>>>>

(* Let $\mathcal{C}\subseteq\mathbb{F}_q^n$ be a linear code of dimension $k\ge1$ and minimum distance $d\ge2$, and $J=n-k-d+2$. Let $\mathbf{h}_1,\dots,\mathbf{h}_m\in\mathcal{C}^\perp$ be linearly independent with $m>J$, and let $\mathcal{S}_j=\operatorname{supp}(\mathbf{h}_j)$. Assume $\mathcal{S}_1,\dots,\mathcal{S}_J$ are pairwise disjoint, let $\mathcal{U}=\mathcal{S}_1\cup\cdots\cup\mathcal{S}_J$ and $\theta=n-|\mathcal{U}|$, and assume $\theta\in[1,d-2]$. For $i\in[J+1,m]$ let $\theta_i=|\mathcal{S}_i\setminus\mathcal{U}|$ and assume $\theta_i\ge1$. Then for every $i\in[J+1,m]$ and every $l\in[1,J]$ with $|\mathcal{S}_l|>\theta_i$, $$|\mathcal{S}_i\cap\mathcal{S}_l|\ \ge\ |\mathcal{S}_l|-\theta_i+\theta-d+2 .$$
   Context: $\operatorname{supp}(\mathbf{h})=\{l\in[1,n]:h_l\neq0\}$; $\mathcal{C}^\perp$ is the dual code; $[a,b]=\{a,\dots,b\}$. *)

From HB Require Import structures.
From mathcomp Require Import all_boot all_order all_algebra all_field.
Set Implicit Arguments. Unset Strict Implicit. Unset Printing Implicit Defensive.
Import GRing.Theory Num.Theory.
Local Open Scope ring_scope.

Section Codes.
Variables (F : finFieldType) (n : nat).

Definition supp (h : 'rV[F]_n) : {set 'I_n} := [set l | h 0 l != 0].

Definition wt (h : 'rV[F]_n) : nat := #|supp h|.

Definition dotv (u v : 'rV[F]_n) : F := \sum_(l < n) u 0 l * v 0 l.

Definition in_dual (C : {vspace 'rV[F]_n}) (h : 'rV[F]_n) : Prop :=
  forall c, c \in C -> dotv c h = 0.

Definition is_min_dist (C : {vspace 'rV[F]_n}) (d : nat) : Prop :=
  (exists2 c, c \in C & (c != 0) && (wt c == d)) /\
  (forall c, c \in C -> c != 0 -> (d <= wt c)%N).

End Codes.

From HB Require Import structures.
From mathcomp Require Import all_boot all_order all_algebra all_field.
From mathcomp Require Import zify.
Set Implicit Arguments. Unset Strict Implicit. Unset Printing Implicit Defensive.
Import GRing.Theory Num.Theory.
Local Open Scope ring_scope.

(* If the inequality failed, the set T of coordinates outside U and S_l but
   also outside S_i would contain d - 1 coordinates. Exchanging h_l for h_i
   among h_1, ..., h_J gives J independent dual vectors that all vanish on T.
   Zeroing the coordinates in T is injective on C (a codeword supported in T
   has weight < d), and maps C into an (n - d + 1)-dimensional space, inside
   the kernel of these J vectors; hence k <= n - d + 1 - J = k - 1. *)

Lemma exists_subset_card (T : finType) (A : {set T}) (k : nat) :
  (k <= #|A|)%N -> exists2 B : {set T}, B \subset A & #|B| = k.
Proof.
move/card_geqP => [s [us ss sA]].
exists [set x in s]; first by apply/subsetP => x; rewrite inE => /sA.
by rewrite cardsE -ss; apply/card_uniqP.
Qed.

Lemma card_ord_lt (m J : nat) : (J <= m)%N -> #|[set j : 'I_m | (j < J)%N]| = J.
Proof.
move=> leJm; have widen_inj : injective (widen_ord leJm).
  by move=> a b /(congr1 val) => /= /val_inj.
rewrite -[RHS]card_ord -(card_imset _ widen_inj); apply: eq_card => j.
rewrite inE; apply/idP/imsetP => [ltjJ|[a _ ->]]; last by rewrite /= ltn_ord.
by exists (Ordinal ltjJ) => //; apply: val_inj.
Qed.

Lemma leq_cardsCU_setD (T : finType) (U A B : {set T}) : A \subset U ->
  (#|~: U| + #|A| <= #|(~: U :|: A) :\: B| + #|B :\: U| + #|B :&: A|)%N.
Proof.
move=> sAU; have disjUA : [disjoint ~: U & A].
  by rewrite disjoint_sym disjoints_subset setCK.
rewrite -cardsUI disjoint_setI0 // cards0 addn0 -(cardsID B) addnC -addnA leq_add2l.
apply: leq_trans (leq_card_setU _ _); apply: subset_leq_card; apply/subsetP => t.
by rewrite !inE; case: (t \in U); case: (t \in A); case: (t \in B).
Qed.

Lemma free_sub_family (K : fieldType) (vT : vectType K) (I : finType) (h : I -> vT)
  (S : {set I}) : free [seq h i | i <- enum I] -> free [seq h i | i in S].
Proof.
have /permPl/(perm_map h)/perm_free <- := perm_filterC (mem S) (enum I).
by rewrite map_cat enumT => /catl_free.
Qed.

Lemma row_free_of_free (K : fieldType) (n : nat) (X : seq 'rV[K]_n) :
  free X -> row_free (\matrix_(a < size X) X`_a).
Proof.
move=> freeX; have /freeP freeXt : free (in_tuple X) by [].
apply/inj_row_free => v; rewrite mulmx_sum_row => v0; apply/rowP => a.
by rewrite mxE freeXt // -[RHS]v0; apply: eq_bigr => b _; rewrite rowK.
Qed.

Section Puncture.
Variables (F : fieldType) (n : nat) (T : {set 'I_n}).

Definition puncture : 'End('rV[F]_n) :=
  linfun (mulmxr (diag_mx (\row_t (t \notin T)%:R))).

Lemma puncture_coord x t : puncture x 0 t = if t \in T then 0 else x 0 t.
Proof.
by rewrite lfunE /= mul_mx_diag !mxE; case: (t \in T); rewrite ?mulr0 ?mulr1.
Qed.

Lemma dim_limg_puncture : (\dim (limg puncture) <= #|~: T|)%N.
Proof.
apply: (@leq_trans (\dim <<[seq delta_mx 0 t | t <- enum (~: T)]>>)).
  apply: dimvS; apply/subvP => _ /memv_imgP [x _ ->].
  rewrite (row_sum_delta (puncture x)); apply: rpred_sum => t _.
  rewrite puncture_coord; case: ifPn => tT; first by rewrite scale0r rpred0.
  by rewrite rpredZ // memv_span // map_f // mem_enum inE.
by rewrite (leq_trans (dim_span _)) // size_map -cardE.
Qed.

End Puncture.
Arguments puncture {F n} T.

Section PunctureSupport.
Variables (F : finFieldType) (n : nat) (T : {set 'I_n}).

Lemma lker_puncture (x : 'rV[F]_n) : (x \in lker (puncture T)) = (supp x \subset T).
Proof.
rewrite memv_ker; apply/eqP/subsetP => [x0 t | sxT].
  rewrite inE; apply: contraR => tT.
  by have := puncture_coord T x t; rewrite x0 mxE (negbTE tT) => <-.
apply/rowP => t; rewrite puncture_coord mxE; case: ifPn => // tT.
by apply/eqP; apply: contraNT tT => xt; apply: sxT; rewrite inE.
Qed.

Lemma dotv_puncture (g x : 'rV[F]_n) : [disjoint supp g & T] ->
  dotv (puncture T x) g = dotv x g.
Proof.
move=> gT; apply: eq_bigr => t _; rewrite puncture_coord.
case: ifPn => // tT; have /negbT := disjointFl gT tT.
by rewrite inE negbK mul0r => /eqP ->; rewrite mulr0.
Qed.

End PunctureSupport.

Lemma min_dist_supp_subset_eq0 (F : finFieldType) (n d : nat)
    (C : {vspace 'rV[F]_n}) (T : {set 'I_n}) (c : 'rV[F]_n) :
  is_min_dist C d -> (#|T| < d)%N -> c \in C -> supp c \subset T -> c = 0.
Proof.
move=> [_ light] ltTd cC /subset_leq_card; apply: contraTeq => c0.
by rewrite -ltnNge (leq_trans ltTd) ?light.
Qed.

Lemma dim_code_free_dual_le (F : finFieldType) (n : nat) (C : {vspace 'rV[F]_n})
    (X : seq 'rV[F]_n) (T : {set 'I_n}) :
  free X -> {in X, forall g, in_dual C g} ->
  {in X, forall g, [disjoint supp g & T]} ->
  (forall c, c \in C -> supp c \subset T -> c = 0) ->
  (\dim C + size X + #|T| <= n)%N.
Proof.
move=> freeX dualX vanishX lightC.
pose H := \matrix_(a < size X) X`_a.
pose f : 'Hom('rV[F]_n, 'rV[F]_(size X)) := linfun (mulmxr H^T).
have fE x : f x = \row_a dotv x X`_a.
  by apply/rowP => a; rewrite lfunE !mxE; apply: eq_bigr => t _; rewrite !mxE.
have f_puncture : (f \o puncture T)%VF = f.
  apply/lfunP => x; rewrite comp_lfunE !fE; apply/rowP => a; rewrite !mxE.
  by rewrite dotv_puncture // vanishX // mem_nth.
have dim_limg_f : \dim (limg f) = size X.
  have [B HB] := row_freeP (row_free_of_free freeX).
  suff -> : limg f = fullv by rewrite dimvf dim_matrix; exact: mul1n.
  apply/eqP; rewrite eqEsubv subvf /=; apply/subvP => y _.
  have -> : y = f (y *m B^T) by rewrite lfunE /= -mulmxA -trmx_mul HB trmx1 mulmx1.
  by rewrite memv_img ?memvf.
have C_punctured : (puncture T @: C <= limg (puncture T) :&: lker f)%VS.
  rewrite subv_cap limgS ?subvf //=; apply/subvP => _ /memv_imgP [c cC ->].
  rewrite memv_ker -comp_lfunE f_puncture fE; apply/eqP/rowP => a.
  by rewrite !mxE; apply: dualX; rewrite ?mem_nth.
have C_ker : (C :&: lker (puncture T))%VS = 0%VS.
  apply/eqP; rewrite -subv0; apply/subvP => c; rewrite memv_cap lker_puncture.
  by case/andP => cC /(lightC c cC) ->; rewrite memv0.
rewrite -(limg_ker_dim (puncture T) C) C_ker dimv0 add0n.
have := limg_ker_dim f (limg (puncture T)).
rewrite -limg_comp f_puncture dim_limg_f.
have := dimvS C_punctured; have := dim_limg_puncture F T.
have := cardsC T; rewrite card_ord; lia.
Qed.

Theorem lemma5 (F : finFieldType) (n k d m : nat)
  (C : {vspace 'rV[F]_n}) (h : 'I_m -> 'rV[F]_n)
  (hk : (1 <= k)%N) (hdimC : \dim C = k)
  (hd2 : (2 <= d)%N) (hd : is_min_dist C d)
  (hdual : forall i, in_dual C (h i))
  (hfree : free [seq h i | i <- enum 'I_m])
  (hmJ : ((n + 2) - (k + d) < m)%N)
  (hdisj : forall j1 j2 : 'I_m, (j1 < (n + 2) - (k + d))%N ->
             (j2 < (n + 2) - (k + d))%N -> j1 != j2 ->
             [disjoint supp (h j1) & supp (h j2)])
  (htheta : let U := \bigcup_(j : 'I_m | (j < (n + 2) - (k + d))%N) supp (h j) in
            (1 <= n - #|U|)%N && (n - #|U| <= d - 2)%N)
  (hthetai : forall i : 'I_m, ((n + 2) - (k + d) <= i)%N ->
             let U := \bigcup_(j : 'I_m | (j < (n + 2) - (k + d))%N) supp (h j) in
             (1 <= #|supp (h i) :\: U|)%N) :
  let J := ((n + 2) - (k + d))%N in
  let U := \bigcup_(j : 'I_m | (j < J)%N) supp (h j) in
  let theta := (n - #|U|)%N in
  forall i l : 'I_m, (J <= i)%N -> (l < J)%N ->
    let theta_i := #|supp (h i) :\: U| in
    (theta_i < #|supp (h l)|)%N ->
    (#|supp (h l)|%:Z - theta_i%:Z + theta%:Z - d%:Z + 2 <=
       #|supp (h i) :&: supp (h l)|%:Z)%R.
Proof.
move=> J U theta i l leJi ltlJ theta_i ltthi; rewrite Order.TotalTheory.leNgt.
apply/negP => small_meet.
have sUj (j : 'I_m) : (j < J)%N -> supp (h j) \subset U.
  by move=> ltjJ; apply: (bigcup_sup j).
have [T sT cardT] : exists2 T : {set 'I_n},
    T \subset (~: U :|: supp (h l)) :\: supp (h i) & #|T| = (d - 1)%N.
  apply: exists_subset_card; have := leq_cardsCU_setD (supp (h i)) (sUj l ltlJ).
  by have := cardsC U; rewrite card_ord; move: small_meet; rewrite /theta /theta_i; lia.
set S := i |: ([set j : 'I_m | (j < J)%N] :\ l).
have cardS : #|S| = J.
  have := cardsD1 l [set j : 'I_m | (j < J)%N]; rewrite card_ord_lt ?(ltnW hmJ) //.
  by rewrite cardsU1 !inE ltlJ ltnNge leJi andbF /=; lia.
have vanishS : {in [seq h j | j in S], forall g, [disjoint supp g & T]}.
  move=> _ /imageP [j jS ->]; case/setU1P: jS => [-> | /setD1P [njl]].
    by rewrite disjoint_sym disjoints_subset (subset_trans sT) ?subsetDr.
  rewrite inE => ltjJ; have sj : supp (h j) \subset ~: (~: U :|: supp (h l)).
    by rewrite setCU setCK subsetI sUj //= -disjoints_subset hdisj.
  by apply: disjointW sj (subset_trans sT (subsetDl _ _)) _; rewrite disjoints_subset.
have dualS : {in [seq h j | j in S], forall g, in_dual C g}.
  by move=> _ /imageP [j _ ->].
have lightC c : c \in C -> supp c \subset T -> c = 0.
  by apply: min_dist_supp_subset_eq0 hd _; rewrite cardT; lia.
have := dim_code_free_dual_le (free_sub_family S hfree) dualS vanishS lightC.
by rewrite size_image cardS hdimC cardT /J; lia.
Qed.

<<<<

Copy the stretch of the records above that runs from the line with "S], forall g, [disjoint" through the line with "by move=> _ /imageP [j _ ->].". Both end lines belong in the copy, and nothing else does.

have vanishS : {in [seq h j | j in S], forall g, [disjoint supp g & T]}.
  move=> _ /imageP [j jS ->]; case/setU1P: jS => [-> | /setD1P [njl]].
    by rewrite disjoint_sym disjoints_subset (subset_trans sT) ?subsetDr.
  rewrite inE => ltjJ; have sj : supp (h j) \subset ~: (~: U :|: supp (h l)).
    by rewrite setCU setCK subsetI sUj //= -disjoints_subset hdisj.
  by apply: disjointW sj (subset_trans sT (subsetDl _ _)) _; rewrite disjoints_subset.
have dualS : {in [seq h j | j in S], forall g, in_dual C g}.
  by move=> _ /imageP [j _ ->].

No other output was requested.